Portuguese amanuensis, bibliographer and writer

Inocêncio Francisco da Silva (28 September 1810 – 27 June 1876), often referred simply as Innocencio (the standard spelling of his name at the time) was the most distinguished Portuguese bibliographer, who compiled seven centuries' worth of information about Portuguese-language authors up to the mid-19th century. He authored the monumental Diccionario Bibliographico Portuguez, which was continued by others following his death.

==Biography==
Inocêncio Francisco da Silva was born in 1810, in the parish of Mercês, in Lisbon, the son of Inocêncio Francisco da Silva and Francisca Henriques. The family was of limited economic resources, and his mother died while he was still young.

From 1825 to 1830, he studied drawing, the humanities, French, and, for two years, he attended the School of Commerce, a professional technical education institution of accounting. By this time, he independently read Rousseau, Volney, and Raynal, though he disliked Voltaire.
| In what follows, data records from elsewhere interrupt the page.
(* There exist a rational polyhedron $P=\{x\in\mathbb{R}^n: Ax\le b,\ 0\le x_i\le u_i \text{ for } i\in I\}$, with $I=\{1,\dots,l\}$ the index set of integer variables, and a binarization scheme $\mathcal{B}=(B^1,\dots,B^l)$ in which every $B^i$ is a non-affine binarization polytope, such that \[\mathrm{SC}(P,I)\subsetneq\operatorname{proj}_x\big(\mathrm{SC}(P_{\mathcal{B}},I')\big),\qquad\text{where } I'=I_{\mathcal{B}}\setminus I.\]
   Context: Binarization polytopes: for positive integers $q,u$, $\Gamma^q_u$ is the set of rational polytopes $B\subseteq\{(x,z)\in\mathbb{R}\times[0,1]^q:0\le x\le u\}$ with $\operatorname{proj}_x(B\cap(\mathbb{R}\times\{0,1\}^q))=\{0,1,\dots,u\}$. $B\in\Gamma^q_u$ is affine if there are $\alpha\in\mathbb{R}^q$, $\alpha_0\in\mathbb{R}$ with $x=\alpha^Tz+\alpha_0$ for all $(x,z)\in B$. A binarization scheme is $\mathcal{B}=(B^1,\dots,B^l)$ with $B^i\in\Gamma^{q_i}_{u_i}$; with $q=\sum_iq_i$, $P_{\mathcal{B}}=\{(x,z)\in\mathbb{R}^n\times\mathbb{R}^q: x\in P,\ (x_i,z_i)\in B^i\text{ for } i\in I\}$ where $z=(z_1,\dots,z_l)$, $z_i\in\mathbb{R}^{q_i}$, and $I_{\mathcal{B}}=\{1,\dots,l,n+1,\dots,n+q\}$; thus $I'=\{n+1,\dots,n+q\}$ indexes only the new variables. Split closure: for $J\subseteq\{1,\dots,N\}$ and $X\subseteq\mathbb{R}^N$, $\mathrm{SC}(X,J)=\bigcap\mathrm{conv}(X\setminus S)$ over all $S=\{y:\pi_0<\pi^Ty<\pi_0+1\}$ with $\pi\in\mathbb{Z}^N$, $\pi_j=0$ for $j\notin J$, $\pi_0\in\mathbb{Z}$. $\operatorname{proj}_x$ is orthogonal projection onto the $x$-coordinates. *)

From HB Require Import structures.
From mathcomp Require Import all_boot all_order all_algebra.
From mathcomp Require Import Rstruct.
From Stdlib Require Rdefinitions.
Set Implicit Arguments. Unset Strict Implicit. Unset Printing Implicit Defensive.
Import Order.TTheory GRing.Theory Num.Theory.
Local Open Scope ring_scope.

Notation R := Rdefinitions.R.
Notation pt T := (T -> R).

Definition conv (T : finType) (X : pt T -> Prop) : pt T -> Prop :=
  fun y => exists (k : nat) (p : 'I_k -> pt T) (lam : 'I_k -> R),
    (forall s, X (p s)) /\ (forall s, 0 <= lam s) /\ (\sum_(s < k) lam s = 1) /\
    (forall t, y t = \sum_(s < k) lam s * p s t).

Definition split_set (T : finType) (pi : T -> int) (pi0 : int) : pt T -> Prop :=
  fun y => (pi0%:~R < \sum_t (pi t)%:~R * y t) /\ (\sum_t (pi t)%:~R * y t < pi0%:~R + 1).

Definition SC (T : finType) (X : pt T -> Prop) (J : pred T) : pt T -> Prop :=
  fun y => forall (pi : T -> int) (pi0 : int), (forall j, ~~ J j -> pi j = 0) ->
    conv (fun w => X w /\ ~ split_set pi pi0 w) y.

Definition rat_polyhedron (T : finType) (X : pt T -> Prop) : Prop :=
  exists (m : nat) (C : 'I_m -> T -> rat) (d : 'I_m -> rat),
    forall y, X y <-> (forall r, \sum_t ratr (C r t) * y t <= ratr (d r)).

Definition bounded (T : finType) (X : pt T -> Prop) : Prop :=
  exists M : R, forall y, X y -> forall t, `|y t| <= M.

Definition rat_polytope (T : finType) (X : pt T -> Prop) : Prop :=
  rat_polyhedron X /\ bounded X.

(* Binarization polytopes Gamma^q_u: points (x, z) in R x R^q are encoded as
   functions option 'I_q -> R, with None the x-coordinate and Some j the z_j. *)
Definition binarization_polytope (q u : nat) (B : pt (option 'I_q) -> Prop) : Prop :=
  rat_polytope B /\
  (forall y, B y -> (0 <= y None <= u%:R) /\ (forall j, 0 <= y (Some j) <= 1)) /\
  (forall x : R,
     (exists y, B y /\ (forall j, y (Some j) = 0 \/ y (Some j) = 1) /\ y None = x)
     <-> (exists k : nat, (k <= u)%N /\ x = k%:R)).

Definition affine_binpoly (q : nat) (B : pt (option 'I_q) -> Prop) : Prop :=
  exists (alpha : 'I_q -> R) (alpha0 : R),
    forall y, B y -> y None = \sum_j alpha j * y (Some j) + alpha0.

(* The rational polyhedron P = {x in R^n : A x <= b, 0 <= x_i <= u_i, i in I},
   I = {0,..,l-1} (0-based), given l <= n. *)
Definition polyhedronP (n l m : nat) (hl : (l <= n)%N) (A : 'I_m -> 'I_n -> rat)
  (b : 'I_m -> rat) (u : 'I_l -> nat) : pt 'I_n -> Prop :=
  fun x => (forall r, \sum_j ratr (A r j) * x j <= ratr (b r)) /\
           (forall i : 'I_l, 0 <= x (widen_ord hl i) <= (u i)%:R).

(* Index type of the extended space R^n x R^q, q = sum_i q_i:
   inl j is x_j, inr (Tagged i k) is the k-th component of z_i. *)
Definition extidx (n l : nat) (q : 'I_l -> nat) : finType :=
  ('I_n + {i : 'I_l & 'I_(q i)})%type.

Definition binPB (n l : nat) (hl : (l <= n)%N) (P : pt 'I_n -> Prop)
  (q : 'I_l -> nat) (B : forall i : 'I_l, pt (option 'I_(q i)) -> Prop)
  : pt (extidx n q) -> Prop :=
  fun y => P (fun j => y (inl j)) /\
    forall i : 'I_l,
      B i (fun o => match o with
                    | None => y (inl (widen_ord hl i))
                    | Some k => y (inr (Tagged (fun i => 'I_(q i)) k))
                    end).

Definition newidx (n l : nat) (q : 'I_l -> nat) : pred (extidx n q) :=
  fun t => match t with inl _ => false | inr _ => true end.

Definition proj_x (n l : nat) (q : 'I_l -> nat) (S : pt (extidx n q) -> Prop)
  : pt 'I_n -> Prop :=
  fun x => exists y, S y /\ forall j, y (inl j) = x j.

(* Take P = [0, 1/2] with x integral. The split 0 < x < 1 leaves only x = 0 in P,
   so SC(P, I) = {0}. Binarize x by the tetrahedron
   B = conv{(0,0,0), (1,1,0), (1,0,1), (0,1,1)} in (x, z1, z2), which is not affine
   because its four vertices are affinely independent. The point (1/2, 1/2, 1/2)
   survives every split a z1 + b z2 on the new variables: for a even it is the
   midpoint of (1/2,1/2,0) and (1/2,1/2,1), on which a z1 + b z2 is integral; for b
   even symmetrically; for a, b both odd, a/2 + b/2 is itself an integer. Hence
   x = 1/2 lies in proj_x SC(P_B, I') but not in SC(P, I). *)

From HB Require Import structures.
From mathcomp Require Import all_boot all_order all_algebra.
From mathcomp Require Import Rstruct.
From mathcomp Require Import lra zify.
Set Implicit Arguments. Unset Strict Implicit. Unset Printing Implicit Defensive.
Import Order.TTheory GRing.Theory Num.Theory.
Local Open Scope ring_scope.

Definition zdot (T : finType) (pi : T -> int) (w : pt T) : R :=
  \sum_t (pi t)%:~R * w t.

Lemma int_zdot_not_split (T : finType) (pi : T -> int) pi0 (w : pt T) :
  zdot pi w \is a Num.int -> ~ split_set pi pi0 w.
Proof.
move=> /intrP[e]; rewrite /split_set -/(zdot pi w) => -> [].
rewrite -[_ + 1](rmorphD _ pi0 1) /= !ltr_int; lia.
Qed.

Lemma zdot_comp (T T' : finType) (sel : T' -> T) (pi : T' -> int) (w : pt T) :
  zdot pi (w \o sel) = zdot (fun t => \sum_(t' | sel t' == t) pi t') w.
Proof.
rewrite /zdot (partition_big sel xpredT) //=; apply: eq_bigr => t _.
rewrite rmorph_sum /= mulr_suml; by apply: eq_bigr => t' /eqP <-.
Qed.

Lemma conv_comp (T T' : finType) (sel : T' -> T) (X : pt T -> Prop)
    (Y : pt T' -> Prop) (y : pt T) :
  (forall w, X w -> Y (w \o sel)) -> conv X y -> conv Y (y \o sel).
Proof.
move=> XY [k [p [lam [Xp [lam_ge0 [lam_sum1 yE]]]]]].
exists k, (fun s => p s \o sel), lam; do !split => //.
- by move=> s; apply: XY.
- by move=> t; apply: yE.
Qed.

Lemma SC_comp (T T' : finType) (sel : T' -> T) (X : pt T -> Prop) (J : pred T)
    (Y : pt T' -> Prop) (J' : pred T') (y : pt T) :
  (forall w, X w -> Y (w \o sel)) ->
  (forall pi : T' -> int, (forall j, ~~ J' j -> pi j = 0) ->
     forall t, ~~ J t -> \sum_(t' | sel t' == t) pi t' = 0) ->
  SC X J y -> SC Y J' (y \o sel).
Proof.
move=> XY Jsel Xy pi pi0 piJ'.
apply: conv_comp (Xy _ pi0 (Jsel _ piJ')) => w [/XY Yw w_nsplit]; split=> //.
by rewrite /split_set -/(zdot pi _) zdot_comp.
Qed.

Lemma conv_coord_const (T : finType) (X : pt T -> Prop) (t : T) (c : R) y :
  (forall w, X w -> w t = c) -> conv X y -> y t = c.
Proof.
move=> Xc [k [p [lam [Xp [_ [lam_sum1 ->]]]]]].
by rewrite (eq_bigr (fun s => lam s * c)) => [|s _]; rewrite ?Xc // -mulr_suml lam_sum1 mul1r.
Qed.

Lemma SC_of_integral_midpoints (T : finType) (X : pt T -> Prop) (J : pred T) y :
  (forall pi : T -> int, (forall j, ~~ J j -> pi j = 0) ->
     exists p1 p2, [/\ X p1, X p2, zdot pi p1 \is a Num.int,
                       zdot pi p2 \is a Num.int & forall t, y t = (p1 t + p2 t) / 2]) ->
  SC X J y.
Proof.
move=> mid pi pi0 /mid[p1 [p2 [Xp1 Xp2 int1 int2 yE]]].
exists 2%N, (fun s => if s == ord0 then p1 else p2), (fun _ => 2^-1).
split; first by move=> s; case: ifP => _; split=> //; apply: int_zdot_not_split.
split; first by move=> _; lra.
split; first by rewrite big_ord_recl big_ord1; lra.
by move=> t; rewrite big_ord_recl big_ord1 /= yE; lra.
Qed.

Lemma SC_of_integral_point (T : finType) (X : pt T -> Prop) (J : pred T) y :
  X y -> (forall pi : T -> int, (forall j, ~~ J j -> pi j = 0) ->
            zdot pi y \is a Num.int) ->
  SC X J y.
Proof.
move=> Xy yint; apply: SC_of_integral_midpoints => pi /yint yint_pi.
by exists y, y; split => // t; lra.
Qed.

Lemma sum_option2 (f : option 'I_2 -> R) :
  \sum_t f t = f None + f (Some ord0) + f (Some ord_max).
Proof.
rewrite (bigD1 None) //= (bigD1 (Some ord0)) //= (bigD1 (Some ord_max)) //= big_pred0.
  by rewrite addr0 !addrA.
by case=> [[[|[|k]] Hk]|] //=.
Qed.

(* The tetrahedron conv{(0,0,0), (1,1,0), (1,0,1), (0,1,1)} in the coordinates
   (x, z1, z2); its vertices are exactly its 0/1 points. *)
Definition tetra (w : pt (option 'I_2)) : Prop :=
  let x := w None in let z1 := w (Some ord0) in let z2 := w (Some ord_max) in
  [/\ x + z1 + z2 <= 2, z2 <= x + z1, z1 <= x + z2 & x <= z1 + z2].

(* Row r lists the coefficients of (x, z1, z2) in the r-th facet inequality of [tetra]. *)
Definition tetra_coef (r : 'I_4) (t : option 'I_2) : rat :=
  nth 0 (nth [::] [:: [:: 1; 1; 1]; [:: -1; -1; 1]; [:: -1; 1; -1]; [:: 1; -1; -1]] r)
    (if t is Some k then k.+1 else 0%N).

Definition tetra_rhs (r : 'I_4) : rat := if r == ord0 then 2 else 0.

Lemma tetra_ineqs w :
  (forall r, \sum_t ratr (tetra_coef r t) * w t <= ratr (tetra_rhs r)) <-> tetra w.
Proof.
have row r : \sum_t ratr (tetra_coef r t) * w t <= ratr (tetra_rhs r) =
    (ratr (tetra_coef r None) * w None + ratr (tetra_coef r (Some ord0)) * w (Some ord0)
     + ratr (tetra_coef r (Some ord_max)) * w (Some ord_max) <= ratr (tetra_rhs r)).
  by rewrite sum_option2.
split=> [ineq | [h0 h1 h2 h3]].
  have := ineq 0; have := ineq 1; have := ineq 2; have := ineq 3.
  rewrite !row /tetra_coef /tetra_rhs /= ?rmorph1 ?rmorphN1 ?rmorph0 ?ratr_nat.
  move=> *; split; lra.
case=> [[|[|[|[|r]]]] Hr] //; rewrite row /tetra_coef /tetra_rhs /=;
  rewrite ?rmorph1 ?rmorphN1 ?rmorph0 ?ratr_nat; lra.
Qed.

Lemma tetra_bounds w : tetra w -> forall t, 0 <= w t <= 1.
Proof.
case=> h0 h1 h2 h3 [[[|[|k]] Hk]|] //=.
- by rewrite (_ : Ordinal Hk = ord0); [lra | apply: val_inj].
- by rewrite (_ : Ordinal Hk = ord_max); [lra | apply: val_inj].
- lra.
Qed.

Definition tpt (x z1 z2 : R) : pt (option 'I_2) :=
  fun t => if t is Some k then (if val k == 0%N then z1 else z2) else x.

Lemma tetra_binarization : binarization_polytope 1 tetra.
Proof.
split; [split | split].
- by exists 4%N, tetra_coef, tetra_rhs => w; apply: iff_sym; apply: tetra_ineqs.
- by exists 1 => w /tetra_bounds w01 t; have := w01 t; rewrite ler_norml; lra.
- by move=> w /tetra_bounds w01; split=> [|j]; apply: w01.
move=> x; split.
  case=> w [[h0 h1 h2 h3] [w01 <-]].
  case: (w01 ord0) => z1E; case: (w01 ord_max) => z2E; rewrite z1E z2E in h0 h1 h2 h3.
  - by exists 0%N; split=> //; lra.
  - by exists 1%N; split=> //; lra.
  - by exists 1%N; split=> //; lra.
  - by exists 0%N; split=> //; lra.
case=> [[|[|k]]] [//= _ ->].
  exists (tpt 0 0 0); rewrite /tetra /=; do !split; try lra.
  by move=> j; case: ifP; left.
exists (tpt 1 1 0); rewrite /tetra /=; do !split; try lra.
by move=> j; case: ifP; [right | left].
Qed.

Lemma tetra_not_affine : ~ affine_binpoly tetra.
Proof.
case=> alpha [alpha0 xE].
have [v000 v110 v101 v011] : [/\ tetra (tpt 0 0 0), tetra (tpt 1 1 0),
                                 tetra (tpt 1 0 1) & tetra (tpt 0 1 1)].
  by rewrite /tetra /=; do !split; lra.
move: (xE _ v000) (xE _ v110) (xE _ v101) (xE _ v011).
rewrite !big_ord_recl !big_ord0 /=; lra.
Qed.

Lemma int_even_or_odd (a : int) : exists c, a = c * 2 \/ a = c * 2 + 1.
Proof.
exists (a %/ 2)%Z; have := divz_eq a 2; have := modz_ge0 a (isT : (2:int) != 0).
have := ltz_pmod a (isT : (0 < 2 :> int)); lia.
Qed.

Lemma zdot_tpt (pi : option 'I_2 -> int) x z1 z2 : pi None = 0 ->
  zdot pi (tpt x z1 z2) = (pi (Some ord0))%:~R * z1 + (pi (Some ord_max))%:~R * z2.
Proof. by move=> pi0; rewrite /zdot sum_option2 pi0 mul0r add0r. Qed.

Definition tetra_half (w : pt (option 'I_2)) : Prop := tetra w /\ 0 <= w None <= 2^-1.

Lemma SC_tetra_half_origin : SC tetra_half (fun t => t != None) (tpt 0 0 0).
Proof.
apply: SC_of_integral_point => [|pi /(_ None isT) pi0].
  by split; [rewrite /tetra /=; split; lra | rewrite /=; lra].
by rewrite zdot_tpt // !mulr0 addr0 int_num0.
Qed.

Lemma SC_tetra_half_center :
  SC tetra_half (fun t => t != None) (tpt 2^-1 2^-1 2^-1).
Proof.
apply: SC_of_integral_midpoints => pi /(_ None isT) pi0.
have mem z1 z2 : [/\ 2^-1 + z1 + z2 <= 2, z2 <= 2^-1 + z1, z1 <= 2^-1 + z2 & 2^-1 <= z1 + z2] ->
    tetra_half (tpt 2^-1 z1 z2).
  by move=> ?; split=> //=; lra.
have [c [aE|aE]] := int_even_or_odd (pi (Some ord0)).
  exists (tpt 2^-1 2^-1 0), (tpt 2^-1 2^-1 1); split.
  - by apply: mem; split; lra.
  - by apply: mem; split; lra.
  - by apply/intrP; exists c; rewrite zdot_tpt // aE rmorphM /=; lra.
  - by apply/intrP; exists (c + pi (Some ord_max)); rewrite zdot_tpt // aE rmorphD rmorphM /=; lra.
  - by case=> [k|] /=; [case: ifP|]; lra.
have [d [bE|bE]] := int_even_or_odd (pi (Some ord_max)).
  exists (tpt 2^-1 0 2^-1), (tpt 2^-1 1 2^-1); split.
  - by apply: mem; split; lra.
  - by apply: mem; split; lra.
  - by apply/intrP; exists d; rewrite zdot_tpt // bE rmorphM /=; lra.
  - by apply/intrP; exists (pi (Some ord0) + d); rewrite zdot_tpt // bE rmorphD rmorphM /=; lra.
  - by case=> [k|] /=; [case: ifP|]; lra.
have center_int : zdot pi (tpt 2^-1 2^-1 2^-1) \is a Num.int.
  by apply/intrP; exists (c + d + 1); rewrite zdot_tpt // aE bE !rmorphD !rmorphM /=; lra.
exists (tpt 2^-1 2^-1 2^-1), (tpt 2^-1 2^-1 2^-1); split=> //.
- by apply: mem; split; lra.
- by apply: mem; split; lra.
- by move=> t; lra.
Qed.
From 1830 to 1833, he attended a three-year course of Mathematics in the Royal Academy of Navy, in which he was distinguished with prizes of excellence.

That year, on 24 July 1833, in the context of the Liberal Wars, the constitutionalist troops led by the Duke of Terceira landed in the Miguelist-controlled city of Lisbon after several victories in the south of the country, and were welcomed as liberators. Inocêncio Francisco da Silva became at this time a volunteer soldier in Terceira's ranks, until the end of the war the year that followed. Shortly after, he was elected captain of the National Guard.

From 1834 he taught at the Royal Academy of Navy and at the School of Commerce, until 1837, when he was invited to become an amanuensis in the Lisbon Civil Government, first in the treasury division and, starting 1848, in the division for the police, safety, and public health. During his many years in the civil service, he used his spare time to start investigating into the history of Portuguese bibliography, and began assembling a valuable library – he started gathering materials for what would be a successor of what was then the only available Portuguese bibliographic reference work, Diogo Barbosa Machado's century-old Bibliotheca Lusitana (published 1741–1758).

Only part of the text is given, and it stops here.